(* H has index two in (A,+): its only other coset is t + H.  Indeed t + H
   lies in the complement of H, and by orbit-stabilizer |~H| = |orbit t|
   divides |A| = |H| + |~H|, hence divides |H|. *)
Lemma coset_t : [set t ⊕ h | h in H] = ~: H.
Proof.
have add_inj : injective (sb_add A t) by move=> a b; apply: sb_addIl.
apply/eqP; rewrite eqEcard card_imset //; apply/andP; split.
  by apply/subsetP => x /imsetP [h hH ->]; rewrite inE coset_t_nonfixed.
have := orbit_card_dvd (A := A) t.
rewrite -nonfixed_orbit_t -(cardsC H) dvdn_addl // => /dvdn_leq; apply.
by rewrite card_gt0; apply/set0Pn; exists zero; apply: fixed0.
Qed.

Lemma nonfixed_coset {x} : x \notin H -> exists2 h, h \in H & x = t ⊕ h.
Proof.
by move=> x_nfix; have /imsetP [h ? ->] : x \in [set t ⊕ h | h in H];
  [rewrite coset_t inE | exists h].
Qed.

(* |H| = |t + H| = |orbit t| > 1. *)
Lemma fixed_card_gt1 : (1 < #|H|)%N.
Proof.
have add_inj : injective (sb_add A t) by move=> a b; apply: sb_addIl.
by rewrite -(card_imset _ add_inj) coset_t nonfixed_orbit_t orbit_nonfixed.
Qed.

(* t + t lies in H, since t + t = t + h would force t = h in H. *)
Lemma double_t_fixed : t ⊕ t \in H.
Proof.
apply/negPn/negP => /nonfixed_coset [h hH e].
by move: t_nfix; rewrite (sb_addIl e) hH.
Qed.

Definition delta (a : T) : T := ⊖ t ⊕ lam a t.

Lemma lambda_t a : lam a t = t ⊕ delta a.
Proof. by rewrite sb_addNKl. Qed.

Lemma delta_fixed a : delta a \in H.
Proof.
have /nonfixed_coset [h hH e] : lam a t \notin H.
  by apply: (orbit_nonfixedW t_nfix); apply/imsetP; exists a.
by rewrite /delta e sb_addKl.
Qed.

(* delta is onto H, because every t + h lies in the orbit of t. *)
Lemma delta_onto {h} : h \in H -> exists a, delta a = h.
Proof.
move=> hH; have /orbit_t /imsetP [a _ e] := coset_t_nonfixed hH.
by exists a; rewrite /delta -e sb_addKl.
Qed.

Lemma delta_id : delta zero = zero.
Proof. by rewrite /delta lambda_id sb_addNx. Qed.

Lemma deltaM a b : delta (a ⊙ b) = delta a ⊕ delta b.
Proof.
rewrite {1}/delta lambdaM lambda_t lambdaD lambda_t.
by have /lambda_fixedP -> := delta_fixed b; rewrite sb_addA sb_addKl.
Qed.

(* Every element of H inverts t by conjugation: h + t + h = t, because
   lambda fixes t + t and lambda_a(t) runs through t + H. *)
Lemma fixed_conj_t {h} : h \in H -> h ⊕ t ⊕ h = t.
Proof.
move=> /delta_onto [a <-]; have /lambda_fixedP /(_ a) := double_t_fixed.
by rewrite lambdaD lambda_t -!sb_addA => /sb_addIl; rewrite !sb_addA.
Qed.

Lemma t_commute {h} : h \in H -> t ⊕ h = ⊖ h ⊕ t.
Proof. by move=> /fixedN /fixed_conj_t {1}<-; rewrite sb_addNKr. Qed.

Lemma fixed_commute {h1 h2} : h1 \in H -> h2 \in H -> h1 ⊕ h2 = h2 ⊕ h1.
Proof.
move=> h1H h2H; rewrite -[LHS](sb_oppK (A:=A)) -[RHS](sb_oppK (A:=A)).
congr (⊖ _); apply: (sb_addIr (A := A) (a := t)).
rewrite -(t_commute (fixedD h1H h2H)) sb_oppD.
by rewrite -[RHS]sb_addA -(t_commute h2H) [RHS]sb_addA -(t_commute h1H) sb_addA.
Qed.

(* The abelian group F := H, as a subtype of T. *)
Definition Fix := {x : T | x \in H}.
HB.instance Definition _ := Finite.on Fix.

Definition Fix_zero : Fix := exist _ zero fixed0.
Definition Fix_add (u v : Fix) : Fix :=
  exist _ (val u ⊕ val v) (fixedD (valP u) (valP v)).
Definition Fix_opp (u : Fix) : Fix := exist _ (⊖ val u) (fixedN (valP u)).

Assignment: The full set of records should be duplicated exactly.

Written reply:
(* H has index two in (A,+): its only other coset is t + H.  Indeed t + H
   lies in the complement of H, and by orbit-stabilizer |~H| = |orbit t|
   divides |A| = |H| + |~H|, hence divides |H|. *)
Lemma coset_t : [set t ⊕ h | h in H] = ~: H.
Proof.
have add_inj : injective (sb_add A t) by move=> a b; apply: sb_addIl.
apply/eqP; rewrite eqEcard card_imset //; apply/andP; split.
  by apply/subsetP => x /imsetP [h hH ->]; rewrite inE coset_t_nonfixed.
have := orbit_card_dvd (A := A) t.
rewrite -nonfixed_orbit_t -(cardsC H) dvdn_addl // => /dvdn_leq; apply.
by rewrite card_gt0; apply/set0Pn; exists zero; apply: fixed0.
Qed.

Lemma nonfixed_coset {x} : x \notin H -> exists2 h, h \in H & x = t ⊕ h.
Proof.
by move=> x_nfix; have /imsetP [h ? ->] : x \in [set t ⊕ h | h in H];
  [rewrite coset_t inE | exists h].
Qed.

(* |H| = |t + H| = |orbit t| > 1. *)
Lemma fixed_card_gt1 : (1 < #|H|)%N.
Proof.
have add_inj : injective (sb_add A t) by move=> a b; apply: sb_addIl.
by rewrite -(card_imset _ add_inj) coset_t nonfixed_orbit_t orbit_nonfixed.
Qed.

(* t + t lies in H, since t + t = t + h would force t = h in H. *)
Lemma double_t_fixed : t ⊕ t \in H.
Proof.
apply/negPn/negP => /nonfixed_coset [h hH e].
by move: t_nfix; rewrite (sb_addIl e) hH.
Qed.

Definition delta (a : T) : T := ⊖ t ⊕ lam a t.

Lemma lambda_t a : lam a t = t ⊕ delta a.
Proof. by rewrite sb_addNKl. Qed.

Lemma delta_fixed a : delta a \in H.
Proof.
have /nonfixed_coset [h hH e] : lam a t \notin H.
  by apply: (orbit_nonfixedW t_nfix); apply/imsetP; exists a.
by rewrite /delta e sb_addKl.
Qed.

(* delta is onto H, because every t + h lies in the orbit of t. *)
Lemma delta_onto {h} : h \in H -> exists a, delta a = h.
Proof.
move=> hH; have /orbit_t /imsetP [a _ e] := coset_t_nonfixed hH.
by exists a; rewrite /delta -e sb_addKl.
Qed.

Lemma delta_id : delta zero = zero.
Proof. by rewrite /delta lambda_id sb_addNx. Qed.

Lemma deltaM a b : delta (a ⊙ b) = delta a ⊕ delta b.
Proof.
rewrite {1}/delta lambdaM lambda_t lambdaD lambda_t.
by have /lambda_fixedP -> := delta_fixed b; rewrite sb_addA sb_addKl.
Qed.

(* Every element of H inverts t by conjugation: h + t + h = t, because
   lambda fixes t + t and lambda_a(t) runs through t + H. *)
Lemma fixed_conj_t {h} : h \in H -> h ⊕ t ⊕ h = t.
Proof.
move=> /delta_onto [a <-]; have /lambda_fixedP /(_ a) := double_t_fixed.
by rewrite lambdaD lambda_t -!sb_addA => /sb_addIl; rewrite !sb_addA.
Qed.

Lemma t_commute {h} : h \in H -> t ⊕ h = ⊖ h ⊕ t.
Proof. by move=> /fixedN /fixed_conj_t {1}<-; rewrite sb_addNKr. Qed.

Lemma fixed_commute {h1 h2} : h1 \in H -> h2 \in H -> h1 ⊕ h2 = h2 ⊕ h1.
Proof.
move=> h1H h2H; rewrite -[LHS](sb_oppK (A:=A)) -[RHS](sb_oppK (A:=A)).
congr (⊖ _); apply: (sb_addIr (A := A) (a := t)).
rewrite -(t_commute (fixedD h1H h2H)) sb_oppD.
by rewrite -[RHS]sb_addA -(t_commute h2H) [RHS]sb_addA -(t_commute h1H) sb_addA.
Qed.

(* The abelian group F := H, as a subtype of T. *)
Definition Fix := {x : T | x \in H}.
HB.instance Definition _ := Finite.on Fix.

Definition Fix_zero : Fix := exist _ zero fixed0.
Definition Fix_add (u v : Fix) : Fix :=
  exist _ (val u ⊕ val v) (fixedD (valP u) (valP v)).
Definition Fix_opp (u : Fix) : Fix := exist _ (⊖ val u) (fixedN (valP u)).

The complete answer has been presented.